Learnersourcing has recently been used to transcribe speech for online lecture videos, to label sub-goals in instructional videos, to provide explanations for programming misconceptions, to create complex, peer and self-assessment in massive online classes, for generating design feedback on instructional videos and for recommendations for remediation in online classes. The examples from previous studies are limited mainly to courses in the context of a specific academic field.

In this paper, we present the results of learnersourcing in a multidisciplinary setting, where Linguistic students (Humanities) and students of Information Sciences (Social Sciences) engaged in a sentiment annotation task. We also present the student evaluations of a given task, the platform and their motivation.
Learnersourcing aims to transform students from passive learners to active knowledge seekers and producers who engage with various learning tasks that boost their higher-order thinking skills (HOTS). The task described in this paper was connected to learning goals of three academic courses (Language Engineering, Translator and the Computer and Corpus Linguistics), where students had an opportunity to identify the features that distinguish natural language processing systems from other intelligent systems, compare different machine translation systems and simultaneously reflect on semantic issues in machine translation while engaging with the sentiment annotations. A total of 62 students between the age of 22 to 24 were presented with movie reviews from the adventure genre in Croatian. These movie reviews were collected from the web portal recenzijefilmova.com. The task involved marking each sentence (~5000 sentences for each student) with five categories of coarse sentiment (namely Positive, Negative, Neutral, Mixed and Other). The annotation campaign was carried out on an annotation platform called Inception, and each student spent an average of four hours on the task. The students also participated in a machine translation (MT) evaluation task consisting of a comprehension test and rating of MT output, as well in an exercise involving error quantification and classification in sample texts written in several languages and translated by machine into Croatian.
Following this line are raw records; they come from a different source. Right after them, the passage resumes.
Lemma subdensities_inj (ga : Gamma) (th th' : param R m) w z :
  valid_param th -> valid_param th' ->
  (forall y, dens1 g ga th w z y = dens1 g ga th' w z y /\
             dens0 g ga th w z y = dens0 g ga th' w z y) ->
  [/\ sigmaT th = sigmaT th', sigmaC th = sigmaC th', rho th = rho th',
      meanT ga th w z = meanT ga th' w z & meanC ga th w z = meanC ga th' w z].
Proof.
move=> [sT [sC rr]] [sT' [sC' rr']] same; rewrite !dens1E !dens0E /= in same.
have [eT mT aT _] := subdensity_factor_inj sT sT' (fun y => (same y).1).
have [eC mC aC _] := subdensity_factor_inj sC sC' (fun y => (same y).2).
split => //; move: aT aC; rewrite /slopeT /slopeC -eT -eC; exact: rho_slopes_inj.
Qed.

End Subdensities.

Lemma sqr_integrable_Lfun2 d (T : measurableType d) (R : realType)
    (mu : {measure set T -> \bar R}) (f : T -> R) :
  measurable_fun setT f -> mu.-integrable setT (fun o => (f o ^+ 2)%:E) ->
  f \in Lfun mu 2%:E.
Proof.
move=> mf /integrableP[_ fi]; rewrite inE; apply/andP; split; first by rewrite inE.
rewrite inE /= /finite_norm.
have two0 : (2 : R) != 0 by rewrite pnatr_eq0.
have := poweR_Lnorm mu (EFin \o f) two0.
have -> : (\int[mu]_x (`|(EFin \o f) x| `^ 2)%E = \int[mu]_x (f x ^+ 2)%:E)%E.
  by apply: eq_integral => x _ /=; rewrite powR_mulrn ?normr_ge0 // real_normK // num_real.
have fin : (\int[mu]_x (f x ^+ 2)%:E < +oo)%E.
  by move: fi; under eq_integral => x _ do rewrite gee0_abs ?lee_fin ?sqr_ge0 //.
move: (Lnorm_ge0 mu 2%:E (EFin \o f)).
case: ('N[mu]_2[EFin \o f])%E => [r _ _| |] //=; first exact: ltry.
by move=> _ E; move: fin; rewrite -E (negbTE two0).
Qed.

Section Covariance.
Variables (d : measure_display) (T : measurableType d) (R : realType) (P : probability T R).

Lemma ae_probability_ex (Q : T -> Prop) : {ae P, forall o, Q o} -> exists o, Q o.
Proof.
apply: filter_ex; apply: ae_properfilter_algebraOfSetsType.
apply: (@lt_le_trans _ _ 1%E); first exact: lte01.
by rewrite le_eqVlt (esym (probability_setT P)) eqxx.
Qed.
Results indicate that the recruitment of students as annotators-in-training for the development of language datasets in a less-resourced language benefits the students who provide evidence about their learning outcomes achievement by engaging in the development of the dataset and reflection. It also benefits the whole machine learning community that gains open-source datasets for training and validation of language models.
Keywords:
Learnersourcing, language datasets, natural language processing, machine translation, sentiment analysis, higher-order thinking skills.